Separately. There is no need to mingle these two together.

> Our basic unit of memory management is the zone. Right now, a zone maps
> onto some hardware-imposed thing. But the zone-based MM works *well*. I

Thats a value judgement that I doubt. Zone based balancing is bad and has
been repeatedly patched up so that it works with the usual loads.

> suspect that a good way to solve both per-container RSS and mem hotunplug
> is to split the zone concept away from its hardware limitations: create a
> "software zone" and a "hardware zone". All the existing page allocator and
> reclaim code remains basically unchanged, and it operates on "software
> zones". Each software zones always lies within a single hardware zone.
> The software zones are resizeable. For per-container RSS we give each
> container one (or perhaps multiple) resizeable software zones.

Resizable software zones? Are they contiguous or not? If not then we
add another layer to the defrag problem.

> For memory hotunplug, some of the hardware zone's software zones are marked
> reclaimable and some are not; DIMMs which are wholly within reclaimable
> zones can be depopulated and powered off or removed.

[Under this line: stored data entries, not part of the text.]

(* Let $\sigma(x)=\mathrm{e}^{-x^2/2}$ and let $p_m(x)=\pi^{-1/4}2^{-m/2}(m!)^{-1/2}H_m(x)$ be the orthonormal Hermite polynomials on $\mathbf{R}$ (so $\int_{\mathbf{R}}p_mp_k\mathrm{e}^{-x^2}\,\mathrm{d}x=\delta_{m,k}$), where $H_m$ are the Hermite polynomials. Let $z=\mathrm{e}^{i\theta}$ with $|\theta|<\pi/4$, put $p_{m,z}(x)=z^{1/2}p_m(zx)$ and $N_{m,z}=\int_{-\infty}^\infty|p_{m,z}(x)\sigma(zx)|^2\,\mathrm{d}x$ with $\sigma(zx)=\mathrm{e}^{-z^2x^2/2}$, and let $s_\theta=(\cos 2\theta)^{1/2}$. Then for all non-negative integers $n$, \[ N_{2n,z}\le\pi(n+1)^{1/2}\,2^{4n+2}\,s_\theta^{-4n-1}. \]
   Context: $H_m(x)=(2x)^m-\frac{m!}{1!(m-2)!}(2x)^{m-2}+\frac{m!}{2!(m-4)!}(2x)^{m-4}-\cdots$ are the (physicists') Hermite polynomials; $z^{1/2}$ is the principal square root. *)

From Stdlib Require Import Reals Lra Factorial.
From Coquelicot Require Import Coquelicot.
Open Scope R_scope.

Definition Cexp (w : C) : C :=
  (exp (fst w) * cos (snd w), exp (fst w) * sin (snd w)).

(* principal square root of a complex number (branch cut on the negative axis,
   Re >= 0, and Im >= 0 on the negative real axis) *)
Definition Csqrt (w : C) : C :=
  let r := Cmod w in
  (sqrt ((r + fst w) / 2),
   (if Rlt_dec (snd w) 0 then -1 else 1) * sqrt ((r - fst w) / 2)).

(* physicists' Hermite polynomial, explicit formula, evaluated at a complex point:
   H_m(w) = sum_{k <= m/2} (-1)^k m!/(k!(m-2k)!) (2w)^(m-2k) *)
Definition hermiteH (m : nat) (w : C) : C :=
  sum_n (fun k =>
    scal ((-1) ^ k * INR (Factorial.fact m) / (INR (Factorial.fact k) * INR (Factorial.fact (m - 2 * k))))
         (pow_n (RtoC 2 * w)%C (m - 2 * k))) (Nat.div2 m).

Definition orthoP (m : nat) (w : C) : C :=
  scal (/ Rpower PI (1/4) * / Rpower 2 (INR m / 2) * / sqrt (INR (Factorial.fact m)))
       (hermiteH m w).

Definition sigmaC (w : C) : C := Cexp (- (w * w) / RtoC 2)%C.

Definition pmz (m : nat) (z : C) (x : R) : C := (Csqrt z * orthoP m (z * RtoC x))%C.

Definition Nintegrand (m : nat) (z : C) (x : R) : R :=
  (Cmod (pmz m z x * sigmaC (z * RtoC x))%C) ^ 2.

From Stdlib Require Import Reals Lra Lia Factorial Classical.
From Coquelicot Require Import Coquelicot.
Open Scope R_scope.

(* With z = e^{iθ} one has |z| = 1 and Re z^2 = c := cos 2θ = s^2, so the integrand is
   |p_{2n}(zx)|^2 e^{-c x^2}.  Replacing every coefficient of H_{2n} by its absolute value
   bounds |H_{2n}(zx)| by a sum of n+1 monomials in |x|.  After Cauchy-Schwarz, each squared
   monomial (x^2)^J is controlled by (1 + c x^2) (x^2)^J e^{-c x^2} <= (J+1)! / c^J, and the
   resulting coefficient sum is at most (2n+1)! 6^{2n}, by C(2k,k) <= 4^k and the binomial
   expansion of (2+4)^{2n}.  Hence the integrand is at most K / (1 + c x^2) with
   K = sqrt(n+1) 2^{4n+2} c^{-2n}, and the integral of that Lorentzian over R is K π / sqrt c. *)

Lemma sum_f_R0_ge_term (f : nat -> R) (N i : nat) :
  (forall k, 0 <= f k) -> (i <= N)%nat -> f i <= sum_f_R0 f N.
Proof.
  intros Hf Hi; induction N as [|N IH]; simpl.
  - replace i with 0%nat by lia; lra.
  - destruct (Nat.eq_dec i (S N)) as [->|Hne].
    + assert (0 <= sum_f_R0 f N) by (apply cond_pos_sum; auto); lra.
    + specialize (IH ltac:(lia)); specialize (Hf (S N)); lra.
Qed.

Lemma sum_f_R0_even_le (f : nat -> R) (n : nat) :
  (forall k, 0 <= f k) -> sum_f_R0 (fun k => f (2 * k)%nat) n <= sum_f_R0 f (2 * n).
Proof.
  intros Hf; induction n as [|n IH]; [simpl; lra|].
  replace (2 * S n)%nat with (S (S (2 * n))) by lia.
  cbn [sum_f_R0]. replace (2 * S n)%nat with (S (S (2 * n))) by lia.
  specialize (Hf (S (2 * n))); lra.
Qed.

Lemma sum_f_R0_sqr_le (b : nat -> R) (N : nat) :
  (sum_f_R0 b N) ^ 2 <= INR (S N) * sum_f_R0 (fun k => b k ^ 2) N.
Proof.
  set (s := sum_f_R0 b N); set (q := sum_f_R0 (fun k => b k ^ 2) N).
  assert (HN : 0 < INR (S N)) by apply lt_0_INR, Nat.lt_0_succ.
  set (u := s / INR (S N)).
  assert (Hdev : sum_f_R0 (fun k => (b k - u) ^ 2) N = q - 2 * u * s + u ^ 2 * INR (S N)).
  { unfold s, q; rewrite <- sum_cte, scal_sum, <- minus_sum, <- plus_sum.
    apply sum_eq; intros; ring. }
  assert (0 <= sum_f_R0 (fun k => (b k - u) ^ 2) N)
    by (apply cond_pos_sum; intros; apply pow2_ge_0).
  assert (Hsq : s ^ 2 = INR (S N) * (2 * u * s - u ^ 2 * INR (S N)))
    by (unfold u; field; lra).
  rewrite Hsq; apply Rmult_le_compat_l; lra.
Qed.

Lemma binomial_C_ge_0 (n k : nat) : 0 <= Binomial.C n k.
Proof.
  apply Rmult_le_pos; [apply pos_INR|].
  apply Rlt_le, Rinv_0_lt_compat, Rmult_lt_0_compat; apply INR_fact_lt_0.
Qed.

Lemma central_binomial_le (k : nat) : Binomial.C (2 * k) k <= 4 ^ k.
Proof.
  replace (4 ^ k) with ((1 + 1) ^ (2 * k)) by (rewrite pow_mult; f_equal; lra).
  rewrite binomial.
  set (f := fun i => Binomial.C (2 * k) i * 1 ^ i * 1 ^ (2 * k - i)).
  replace (Binomial.C (2 * k) k) with (f k) by (unfold f; rewrite !pow1; ring).
  apply sum_f_R0_ge_term; [|lia].
  intros i; unfold f; rewrite !pow1, !Rmult_1_r; apply binomial_C_ge_0.
Qed.

Lemma exp_ge_sum (y : R) (N : nat) :
  0 <= y -> sum_f_R0 (fun k => y ^ k / INR (fact k)) N <= exp y.
Proof.
  intros Hy.
  set (t := fun k => y ^ k / INR (fact k)).
  assert (Hseq : forall M, sum_n (fun k => scal (pow_n y k) (/ INR (fact k))) M = sum_f_R0 t M).
  { intros M; rewrite sum_n_Reals; apply sum_eq; intros i _.
    rewrite pow_n_pow; reflexivity. }
  rewrite <- Hseq.
  apply (is_lim_seq_incr_compare _ _ (is_exp_Reals y)).
  intros k; rewrite !Hseq; change (sum_f_R0 t (S k)) with (sum_f_R0 t k + t (S k)).
  assert (0 <= t (S k)); [|lra].
  apply Rmult_le_pos; [apply pow_le; lra|].
  apply Rlt_le, Rinv_0_lt_compat, INR_fact_lt_0.
Qed.

Lemma pow_mul_exp_le (y : R) (J : nat) :
  0 <= y -> (1 + y) * y ^ J <= INR (fact (S J)) * exp y.
Proof.
  intros Hy.
  set (t := fun k => y ^ k / INR (fact k)).
  assert (Ht : forall k, 0 <= t k).
  { intros k; apply Rmult_le_pos; [apply pow_le; lra|].
    apply Rlt_le, Rinv_0_lt_compat, INR_fact_lt_0. }
  assert (Htwo : t J + t (S J) <= exp y).
  { pose proof (exp_ge_sum y (S J) Hy) as Hexp.
    change (sum_f_R0 t J + t (S J) <= exp y) in Hexp.
    pose proof (sum_f_R0_ge_term t J J Ht (le_n J)); lra. }
  assert (HJ : 0 < INR (fact J)) by apply INR_fact_lt_0.
  assert (Hfact : INR (fact (S J)) = INR (S J) * INR (fact J))
    by (rewrite fact_simpl; apply mult_INR).
  assert (Hexpand : INR (fact (S J)) * (t J + t (S J)) = INR (S J) * y ^ J + y ^ S J).
  { unfold t; rewrite Hfact; simpl pow; field; split; lra || (apply not_0_INR; lia). }
  assert (0 <= y ^ J) by (apply pow_le; lra).
  assert (1 <= INR (S J)) by (rewrite S_INR; pose proof (pos_INR J); lra).
  apply Rle_trans with (INR (fact (S J)) * (t J + t (S J))).
  - rewrite Hexpand; simpl pow; nra.
  - apply Rmult_le_compat_l; [apply pos_INR | exact Htwo].
Qed.

Lemma pow_mul_gauss_le (c x : R) (J M : nat) :
  0 < c <= 1 -> (J <= M)%nat ->
  (1 + c * x ^ 2) * (x ^ 2) ^ J * exp (- (c * x ^ 2)) <= INR (fact (S J)) / c ^ M.
Proof.
  intros Hc HJM.
  set (y := c * x ^ 2).
  assert (Hy : 0 <= y) by (apply Rmult_le_pos; [lra | apply pow2_ge_0]).
  assert (Hx : (x ^ 2) ^ J = y ^ J * (/ c) ^ J)
    by (unfold y; rewrite <- Rpow_mult_distr; f_equal; field; lra).
  assert (Hinv : (/ c) ^ J <= (/ c) ^ M).
  { apply Rle_pow; [|exact HJM]. rewrite <- Rinv_1; apply Rinv_le_contravar; lra. }
  pose proof (pow_mul_exp_le y J Hy) as Hpe.
  assert (Hcj : 0 <= (/ c) ^ J) by (apply pow_le, Rlt_le, Rinv_0_lt_compat; lra).
  assert (He : 0 < exp y) by apply exp_pos.
  rewrite Hx, exp_Ropp; unfold Rdiv; rewrite <- pow_inv.
  apply Rle_trans with (INR (fact (S J)) * (/ c) ^ J).
  - replace ((1 + y) * (y ^ J * (/ c) ^ J) * / exp y)
      with ((1 + y) * y ^ J / exp y * (/ c) ^ J) by (field; lra).
    apply Rmult_le_compat_r; [exact Hcj|].
    apply (Rmult_le_reg_r (exp y)); [exact He|].
    unfold Rdiv; rewrite Rmult_assoc, Rinv_l by lra; lra.
  - apply Rmult_le_compat_l; [apply pos_INR | exact Hinv].
Qed.

Definition hermite_coef (m k : nat) : R :=
  INR (fact m) / (INR (fact k) * INR (fact (m - 2 * k))).

Definition hermite_majorant (m : nat) (r : R) : R :=
  sum_f_R0 (fun k => hermite_coef m k * (2 * r) ^ (m - 2 * k)) (Nat.div2 m).

Lemma hermite_coef_ge_0 (m k : nat) : 0 <= hermite_coef m k.
Proof.
  apply Rmult_le_pos; [apply pos_INR|].
  apply Rlt_le, Rinv_0_lt_compat, Rmult_lt_0_compat; apply INR_fact_lt_0.
Qed.

Lemma hermite_coef_sqr (m k : nat) : (2 * k <= m)%nat ->
  hermite_coef m k ^ 2 * INR (fact (S (m - 2 * k))) =
  INR (fact m) * INR (S (m - 2 * k)) * (Binomial.C m (2 * k) * Binomial.C (2 * k) k).
Proof.
  intros Hk; unfold hermite_coef, Binomial.C.
  replace (2 * k - k)%nat with k by lia.
  rewrite fact_simpl, mult_INR.
  pose proof (INR_fact_lt_0 m); pose proof (INR_fact_lt_0 k).
  pose proof (INR_fact_lt_0 (m - 2 * k)); pose proof (INR_fact_lt_0 (2 * k)).
  field; lra.
Qed.

Lemma hermite_coef_sqr_weight_le (m k : nat) : (2 * k <= m)%nat ->
  hermite_coef m k ^ 2 * 4 ^ (m - 2 * k) * INR (fact (S (m - 2 * k)))
  <= Binomial.C m (2 * k) * 2 ^ (2 * k) * 4 ^ (m - 2 * k) * INR (fact (S m)).
Proof.
  intros Hk; set (J := (m - 2 * k)%nat); set (F := INR (fact m)).
  set (B := Binomial.C m (2 * k)); set (B' := Binomial.C (2 * k) k).
  assert (HF : 0 < F) by apply INR_fact_lt_0.
  assert (H4J : 0 < 4 ^ J) by (apply pow_lt; lra).
  assert (HJ : 0 <= INR (S J) <= INR (S m)) by (split; [apply pos_INR | apply le_INR; lia]).
  assert (HB : 0 <= B) by apply binomial_C_ge_0.
  assert (HB' : 0 <= B' <= 4 ^ k) by (split; [apply binomial_C_ge_0 | apply central_binomial_le]).
  replace (hermite_coef m k ^ 2 * 4 ^ J * INR (fact (S J)))
    with (hermite_coef m k ^ 2 * INR (fact (S J)) * 4 ^ J) by ring.
  unfold J at 1 2; rewrite hermite_coef_sqr by exact Hk; fold J F B B'.
  rewrite pow_mult, fact_simpl, mult_INR; fold F; replace (2 ^ 2) with 4 by ring.
  replace (F * INR (S J) * (B * B') * 4 ^ J) with (F * 4 ^ J * (INR (S J) * (B * B'))) by ring.
  replace (B * 4 ^ k * 4 ^ J * (INR (S m) * F))
    with (F * 4 ^ J * (INR (S m) * (B * 4 ^ k))) by ring.
  apply Rmult_le_compat_l; [nra|].
  apply Rmult_le_compat; [lra | nra | lra | nra].
Qed.
Lemma symbolic_ultrametric_of_colouring :
  0 < k -> complete_ecg c -> ~ has_rainbow_triangle c ->
  (forall i, P4_free (mono c i)) -> symbolic_ultrametric c.
Proof.
move=> k_gt0 [c_sym c_surj] no_rainbow monoP4.
have c_sym' x y : c x y = c y x by case: (eqVneq x y) => [->|/c_sym].
split; [|split; [|split; [|split]]] => //.
- by have [x [_ _]] := c_surj (Ordinal k_gt0); apply/card_gt0P; exists x.
- by move=> i; have [x [y [_ cxy]]] := c_surj i; exists x, y.
- move=> x y z; rewrite cards3_le2; apply/negP => colours.
  have xyz : uniq [:: x; y; z].
    rewrite /= !inE !andbT !negb_or -andbA; apply/and3P.
    by split; apply/eqP => E; move: colours;
      rewrite E /= !inE ?(c_sym' y z) !eqxx ?orbT /= ?andbF.
  apply: no_rainbow; exists x, y, z; split=> //.
  by apply/eqP; rewrite eqn_leq cards3_le3 ltnNge cards3_le2 colours.
move=> [x [y [u [v [xyuv [cxy_yu [cyu_uv [cuv_vy [cvy_xv cxv_xu]]]]]]]]].
move: (xyuv); rewrite uniq4E => /and5P [xy xu xv yu /andP [yv uv]].
apply: (monoP4 (c x y) x y u v xyuv); rewrite /mono ?xy ?xu ?xv ?yu ?yv ?uv //=.
- by rewrite cxy_yu.
- by rewrite cxy_yu cyu_uv.
- by rewrite -cxv_xu -cvy_xv cxy_yu cyu_uv eq_sym.
- by rewrite -cvy_xv cxy_yu cyu_uv eq_sym.
- by rewrite c_sym' cxy_yu cyu_uv eq_sym.
Qed.

End Colouring.

Lemma is_sep_perm_graph_of_P4_free (T : finType) (adj : rel T) :
  symmetric adj -> P4_free adj -> is_sep_perm_graph adj.
Proof.
move=> adj_sym adjP4.
have [s1 [s2 /simple_perm_graph_of_realizer [l [p slp]]]] :=
  exists_realizer adj_sym [set: T] adjP4.
by exists l, p; split=> //; apply: separable_of_P4_free slp adjP4.
Qed.

Lemma P4_free_of_is_sep_perm_graph (T : finType) (adj : rel T) :
  symmetric adj -> is_sep_perm_graph adj -> P4_free adj.
Proof. by move=> adj_sym [l [p [sep slp]]]; apply: P4_free_of_separable slp sep. Qed.

Theorem corollary6p6 (V : finType) (k : nat) (c : V -> V -> 'I_k) :
  0 < k -> complete_ecg c ->
  ((exists d : V -> V -> 'I_k, symbolic_ultrametric d /\ graph_rep d c) <->
   (~ has_rainbow_triangle c /\ forall i : 'I_k, is_sep_perm_graph (mono c i))) /\
  ((exists d : V -> V -> 'I_k, symbolic_ultrametric d /\ graph_rep d c) ->
   forall (W : {set V}) (i : 'I_k),
     (exists u v : {x : V | x \in W}, u != v /\ induced c W u v = i) ->
     is_sep_perm_graph (mono (induced c W) i)).
Proof.
move=> k_gt0 c_ecg; have [c_sym _] := c_ecg.
split; first split.
- move=> [d [d_ultra d_rep]].
  split; first exact: no_rainbow_of_symbolic_ultrametric d_ultra d_rep.
  move=> i; apply: is_sep_perm_graph_of_P4_free (symmetric_mono i c_sym) _.
  exact: mono_P4_free_of_symbolic_ultrametric d_ultra d_rep.
- move=> [no_rainbow mono_sep]; exists c; split=> //.
  apply: symbolic_ultrametric_of_colouring => // i.
  exact: P4_free_of_is_sep_perm_graph (symmetric_mono i c_sym) (mono_sep i).
move=> [d [d_ultra d_rep]] W i _.
have induced_sym : forall u v, u != v -> induced c W u v = induced c W v u.
  by move=> u v uv; apply: c_sym.
apply: is_sep_perm_graph_of_P4_free (symmetric_mono i induced_sym) _.
apply: P4_free_mono_induced.
exact: mono_P4_free_of_symbolic_ultrametric d_ultra d_rep.
Qed.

So subzones indeed. How about calling the MAX_ORDER entities that Mel's
patches create "software zones"?

> NUMA and cpusets screwed up: they've gone and used nodes as their basic
> unit of memory management whereas they should have used zones. This will
> need to be untangled.

zones have hardware characteristics at its core. In a NUMA setting zones
determine the performance of loads from those areas. I would like to have
zones and nodes merged. Maybe extend node numbers into the negative area
-1 = DMA -2 DMA32 etc? All systems then manage the "nones" (node / zones
meerged). One could create additional "virtual" nones after the real nones
that have hardware characteristics behind them. The virtual nones would be
something like the software zones? Contain MAX_ORDER portions of hardware
nones?

> Anyway, that's just a shot in the dark. Could be that we implement unplug
> and RSS control by totally different means. But I do wish that we'd sort
> out what those means will be before we potentially complicate the story a
> lot by adding antifragmentation.

Hmmm.... My shot:

1. Merge zones/nodes

2. Create new virtual zones/nodes that are subsets of MAX_order blocks of
the real zones/nodes. These may then have additional characteristics such
as

A. moveable/unmovable
B. DMA restrictions
C. container assignment.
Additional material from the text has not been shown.